Refusing to take downtime while you're sick often lets the nasty hang on even longer, as your system is too overwhelmed to put up a good immune response.
And you may be physically at work, but work wise, unless you're just being a warm body, you'd be better off taking a day off and resting than coming in sick and working like crap for (umpty-ump) days.
That said, I rarely take sick days, but when I have been sick, I stay away so I don't give my co-workers whatever it is I have. Because I like my co-workers, and don't want them to feel as crappy as I do.
But most importantly, feel better soon. Because we don't want you to feel like crap either.
My mom used to be the same... when I was about 14, though, she got such a terrible case of pneumonia, which she worked through for two weeks before admitting defeat, that she has since learned the value of lying down for a good nap when she gets sick.
Feel better. Hope you learn to take it easy the easy way...
I have never gotten sick during a movie I was working on and I have rarely finished one that lasted more than 2 months without crashing hard at the end.
I think I give myself permission to get sick when the job is over.
Michelle, see, I know that in my head, but I can't do it. It was only a few years ago that a good nights sleep would make me right as rain. For the day job we only get two sick days (and that just came in our last contract negotiation). If our boss likes us we could take a vacation day, and I refuse to do that while I'm sick. Sick on vacation sucks rocks. And I'm jonesing for the payoff at the end of the year (for the unused sick days).
Mer, I keep watching out to make sure it doesn't get to that point. I think if I'm the same on Thursday, I go to the doctor and get controlled substances.
Nathan, oh yeah. Getting sick on vacation is the pitts. And I've done that for several years. It's like my body says, "Okay, don't have to work.

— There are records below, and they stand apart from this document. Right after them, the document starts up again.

(* Let $(G,\tau)$ be a profinite group and $M$ a finite continuous $G$-module, and let $\varphi^2:H^2_{\mathrm{con}}(G,M)\to H^2_{\mathrm{abs}}(G,M)$ be the natural map. Then: (1) $\varphi^2$ is surjective if and only if for every abstract group extension $1\to M\to H\to G\to 1$ (inducing the given action of $G$ on $M$), $H$ admits a profinite group topology whose quotient topology on $G$ is $\tau$. (2) $\varphi^2$ is injective if and only if for every profinite extension $H$ of $G$ by $M$, and every pair of profinite group topologies $T_1,T_2$ on $H$ for which the quotient maps $(H,T_i)\to(G,\tau)$ are continuous, there exists a continuous isomorphism $(H,T_1)\to(H,T_2)$ compatible with the inclusion of $M$ and the quotient map to $G$.
   Context: $H^2_{\mathrm{con}}$ denotes continuous cohomology of the profinite group and $H^2_{\mathrm{abs}}$ the cohomology of the underlying abstract group; $\varphi^2$ is the natural comparison map. *)

(* for the finite module M (finZmodType); groups and
   topologies on arbitrary carriers are given by honest elementary
   definitions below, since topologies on the same group H must vary. *)
From HB Require Import structures.
From mathcomp Require Import all_boot all_algebra.
From Stdlib Require Import List.

Set Implicit Arguments.
Unset Strict Implicit.
Unset Printing Implicit Defensive.

Import GRing.Theory.
Local Open Scope ring_scope.
(* Let $A=(a_{ij})\in\mathbb R^{d\times d}_+$ have entries summing to $1$ and positive row sums $r(A)_i=\sum_ja_{ij}$, and let $p\in\Sigma_d$. Define $\tilde A\in\mathbb R^{d\times d}_+$ by $\tilde A_{ij}=\frac1z a_{ij}\sqrt{p_i/r(A)_i}$, where $z>0$ is chosen so that the entries of $\tilde A$ sum to $1$. Then $\|c(\tilde A)-c(A)\|_1\le\|r(\tilde A)-r(A)\|_1$.
   Context: For a matrix $M$, $r(M)$ is its vector of row sums and $c(M)$ its vector of column sums; $\Sigma_d$ is the probability simplex in $\mathbb R^d$; $\|\cdot\|_1$ is the $\ell_1$ norm. *)

From mathcomp Require Import all_boot all_order all_algebra.
Set Implicit Arguments. Unset Strict Implicit. Unset Printing Implicit Defensive.
Import Order.TTheory GRing.Theory Num.Theory.
Local Open Scope ring_scope.

Definition rowsums (R : pzRingType) (d : nat) (M : 'M[R]_d) : 'I_d -> R :=
  fun i => \sum_(j < d) M i j.
Definition colsums (R : pzRingType) (d : nat) (M : 'M[R]_d) : 'I_d -> R :=
  fun j => \sum_(i < d) M i j.

Definition l1 (R : numDomainType) (d : nat) (v : 'I_d -> R) : R :=
  \sum_(i < d) `|v i|.

Definition in_simplex (R : numDomainType) (d : nat) (p : 'I_d -> R) : Prop :=
  (forall i, 0 <= p i) /\ \sum_(i < d) p i = 1.

Definition Araw (R : rcfType) (d : nat) (A : 'M[R]_d) (p : 'I_d -> R) : 'M[R]_d :=
  \matrix_(i, j) (A i j * Num.sqrt (p i / rowsums A i)).

Definition zconst (R : rcfType) (d : nat) (A : 'M[R]_d) (p : 'I_d -> R) : R :=
  \sum_(i < d) \sum_(j < d) Araw A p i j.

Definition Atilde (R : rcfType) (d : nat) (A : 'M[R]_d) (p : 'I_d -> R) : 'M[R]_d :=
  \matrix_(i, j) (Araw A p i j / zconst A p).

(* Rescaling the rows of a nonnegative matrix by factors t_i changes row i by
   r(A)_i (t_i - 1), so the row sums move by sum_i r(A)_i |t_i - 1| in l1,
   while by the triangle inequality the column sums move by at most
   sum_i sum_j a_ij |t_i - 1|, which is the same quantity. *)

From mathcomp Require Import all_boot all_order all_algebra.
Import Order.TTheory GRing.Theory Num.Theory.
Local Open Scope ring_scope.

Section RowScaling.

Variables (R : numDomainType) (d : nat).
Implicit Types (M N A : 'M[R]_d) (u : 'rV[R]_d).

Lemma rowsumsB M N i : rowsums (M - N) i = rowsums M i - rowsums N i.
Proof. by rewrite /rowsums -sumrB; apply: eq_bigr => j _; rewrite !mxE. Qed.

Lemma colsumsB M N j : colsums (M - N) j = colsums M j - colsums N j.
Proof. by rewrite /colsums -sumrB; apply: eq_bigr => i _; rewrite !mxE. Qed.

Lemma l1_colsums_le_sum_norm M :
  l1 (colsums M) <= \sum_(i < d) \sum_(j < d) `|M i j|.
Proof.
rewrite exchange_big /l1; apply: ler_sum => j _.
by rewrite /colsums; apply: ler_norm_sum.
Qed.

Lemma l1_rowsums_diag_mul A u : (forall i j, 0 <= A i j) ->
  l1 (rowsums (diag_mx u *m A)) = \sum_(i < d) \sum_(j < d) `|(diag_mx u *m A) i j|.
Proof.
move=> A_ge0; apply: eq_bigr => i _.
have row_scaled j : (diag_mx u *m A) i j = u 0 i * A i j by rewrite mul_diag_mx mxE.
rewrite /rowsums; under eq_bigr => j _ do rewrite row_scaled.
rewrite -mulr_sumr normrM (ger0_norm (sumr_ge0 _ (fun j _ => A_ge0 i j))) mulr_sumr.
by apply: eq_bigr => j _; rewrite row_scaled normrM (ger0_norm (A_ge0 i j)).
Qed.

Lemma l1_colsums_le_rowsums_diag_mul A u : (forall i j, 0 <= A i j) ->
  l1 (colsums (diag_mx u *m A)) <= l1 (rowsums (diag_mx u *m A)).
Proof.
by move=> A_ge0; rewrite l1_rowsums_diag_mul //; apply: l1_colsums_le_sum_norm.
Qed.

End RowScaling.

Lemma Atilde_diag_mul (R : rcfType) (d : nat) (A : 'M[R]_d) (p : 'I_d -> R) :
  Atilde A p = diag_mx (\row_i (Num.sqrt (p i / rowsums A i) / zconst A p)) *m A.
Proof.
by apply/matrixP => i j; rewrite mul_diag_mx !mxE -mulrA mulrC.
Qed.

Theorem lemma6 (R : rcfType) (d : nat) (A : 'M[R]_d) (p : 'I_d -> R) :
  (forall i j, 0 <= A i j) ->
  \sum_(i < d) \sum_(j < d) A i j = 1 ->
  (forall i, 0 < rowsums A i) ->
  in_simplex p ->
  l1 (fun j => colsums (Atilde A p) j - colsums A j)
    <= l1 (fun i => rowsums (Atilde A p) i - rowsums A i).
Proof.
move=> A_ge0 _ _ _.
set t := \row_i (Num.sqrt (p i / rowsums A i) / zconst A p).
have diffE : Atilde A p - A = diag_mx (t - const_mx 1) *m A.
  by rewrite Atilde_diag_mul linearB /= mulmxBl diag_const_mx mul_scalar_mx scale1r.
rewrite /l1.
under eq_bigr => j _ do rewrite -colsumsB diffE.
under [X in _ <= X]eq_bigr => i _ do rewrite -rowsumsB diffE.
exact: l1_colsums_le_rowsums_diag_mul.
Qed.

Time to purge bilges."
Steve, that completely sucks.
Our Graduate Assistants don't get sick leave or vacation leave, however, I make sure they "bank" time so that if they're sick I can send them home and they won't be short time. And if they don't get sick, they can take a week vacation over a break. :)

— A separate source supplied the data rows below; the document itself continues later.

(* f_{E_v^+} in F_v (only the coordinates on E_v^+ matter) *)
Definition inF (E : list edge) (C : edge -> option R) (v : nat) (f : edge -> R) : Prop :=
  forall e, In e (out_edges E v) -> capdom (C e) (f e).

Definition lam (E : list edge) (Ps : list (list edge)) (pi : list edge -> R) (v : nat) : R :=
  lsum (out_edges E v) (flow Ps pi).

Definition upd (f : edge -> R) (e : edge) (x : R) : edge -> R :=
  fun e' => if edge_eqb e' e then x else f e'.

(* derivative of phi at x relative to the domain dom (one-sided at boundary) *)
Definition deriv_within (dom : R -> Prop) (phi : R -> R) (x l : R) : Prop :=
  forall eps, 0 < eps -> exists delta, 0 < delta /\
    forall h, h <> 0 -> Rabs h < delta -> dom (x + h) ->
      Rabs ((phi (x + h) - phi x) / h - l) < eps.

Definition cont_on_F (E : list edge) (C : edge -> option R) (v : nat)
  (h : (edge -> R) -> R) : Prop :=
  forall f, inF E C v f -> forall eps, 0 < eps -> exists delta, 0 < delta /\
    forall g, inF E C v g ->
      (forall e, In e (out_edges E v) -> Rabs (g e - f e) < delta) ->
      Rabs (h g - h f) < eps.

(* Put Phi(g) := sum_j sgn(f_j - f^pi_j) G^v_j(g).  By consistency the sum in the
   theorem equals lambda^pi_v (Phi(f) - Phi(f^pi)) with lambda^pi_v >= 0, so it suffices
   to show Phi(f) <= Phi(f^pi).  Move from f^pi to f one coordinate e at a time.  Since
   G^v is simplex-valued, sum_j dG_j/df_e = 0, so along coordinate e the derivative of
   Phi is sum_{j <> e} (sigma_j - sigma_e) dG_j/df_e; by cooperativity its sign is
   opposite to sigma_e, the direction of the move, hence Phi never increases. *)
From Stdlib Require Import Reals List.
From Stdlib Require Import Lra Classical FunctionalExtensionality Bool.
Open Scope R_scope.

Lemma lsum_le {A : Type} (L : list A) f1 f2 :
  (forall j, In j L -> f1 j <= f2 j) -> lsum L f1 <= lsum L f2.
Proof.
  induction L as [|a L IH]; intros H; unfold lsum; simpl; [lra|].
  apply Rplus_le_compat; [apply H; simpl; auto|].
  apply IH; intros; apply H; simpl; auto.
Qed.

Lemma lsum_ext {A : Type} (L : list A) f1 f2 :
  (forall j, In j L -> f1 j = f2 j) -> lsum L f1 = lsum L f2.
Proof.
  intros H. apply Rle_antisym; apply lsum_le; intros j Hj; rewrite H; auto; lra.
Qed.

Lemma lsum_const0 {A : Type} (L : list A) : lsum L (fun _ => 0) = 0.
Proof. induction L; unfold lsum in *; simpl; [|rewrite IHL]; ring. Qed.

Lemma lsum_nonneg {A : Type} (L : list A) f :
  (forall j, In j L -> 0 <= f j) -> 0 <= lsum L f.
Proof. intros H. rewrite <- (lsum_const0 L). apply lsum_le; auto. Qed.

Lemma lsum_plus {A : Type} (L : list A) f g :
  lsum L (fun j => f j + g j) = lsum L f + lsum L g.
Proof. induction L; unfold lsum in *; simpl; [|rewrite IHL]; ring. Qed.

Lemma lsum_scal {A : Type} (L : list A) c f :
  lsum L (fun j => c * f j) = c * lsum L f.
Proof. induction L; unfold lsum in *; simpl; [|rewrite IHL]; ring. Qed.

Lemma deriv_within_const dom x k : deriv_within dom (fun _ => k) x 0.
Proof.
  intros eps Heps. exists 1; split; [lra|]. intros h Hh _ _.
  replace ((k - k) / h - 0) with 0 by (field; auto). rewrite Rabs_R0; auto.
Qed.

Lemma deriv_within_plus dom p1 p2 x l1 l2 :
  deriv_within dom p1 x l1 -> deriv_within dom p2 x l2 ->
  deriv_within dom (fun y => p1 y + p2 y) x (l1 + l2).
Proof.
  intros H1 H2 eps Heps.
  destruct (H1 (eps / 2)) as [d1 [Hd1 Hq1]]; [lra|].
  destruct (H2 (eps / 2)) as [d2 [Hd2 Hq2]]; [lra|].
  exists (Rmin d1 d2); split; [apply Rmin_pos; auto|].
  intros h Hh0 Hh Hdom.
  assert (A1 := Hq1 h Hh0 (Rlt_le_trans _ _ _ Hh (Rmin_l _ _)) Hdom).
  assert (A2 := Hq2 h Hh0 (Rlt_le_trans _ _ _ Hh (Rmin_r _ _)) Hdom).
  replace ((p1 (x + h) + p2 (x + h) - (p1 x + p2 x)) / h - (l1 + l2)) with
    (((p1 (x + h) - p1 x) / h - l1) + ((p2 (x + h) - p2 x) / h - l2)) by (field; auto).
  eapply Rle_lt_trans; [apply Rabs_triang|]. lra.
Qed.

Lemma deriv_within_scal dom p x l c :
  deriv_within dom p x l -> deriv_within dom (fun y => c * p y) x (c * l).
Proof.
  intros H eps Heps.
  assert (Hc : 0 < Rabs c + 1) by (pose proof (Rabs_pos c); lra).
  destruct (H (eps / (Rabs c + 1))) as [d [Hd Hq]]; [apply Rdiv_lt_0_compat; auto|].
  exists d; split; auto. intros h H1 H2 H3. specialize (Hq h H1 H2 H3).
  replace ((c * p (x + h) - c * p x) / h - c * l) with (c * ((p (x + h) - p x) / h - l))
    by (field; auto).
  rewrite Rabs_mult.
  set (r := Rabs ((p (x + h) - p x) / h - l)) in *.
  assert (0 <= r) by apply Rabs_pos.
  assert (Hr : (Rabs c + 1) * r < eps).
  { replace eps with ((Rabs c + 1) * (eps / (Rabs c + 1))) by (field; lra).
    apply Rmult_lt_compat_l; auto. }
  nra.
Qed.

That sucks that your job treats you worse than we treat our graduate assistants.
Steve, re: my mom...
Well, that's the thing... she was on the controlled substances from the doc. Three rounds of antibiotics, and she should have been in the hospital as a patient, not a nurse. It was bad.
Michelle, and I'm in a union job. We don't get banked time, but we do get OT. Mostly, though, this is an internal drive. Although I really do want that bonus at the end of the year. But thinking about when I was a student, I used to love breaks because I could get in 40+ hours of work. Never went anywhere for Spring Break (ever).
Mer, yeah, I need to listen to my body and slow down at this.
Although, I am starting to get better. I'm not coughing nearly as much.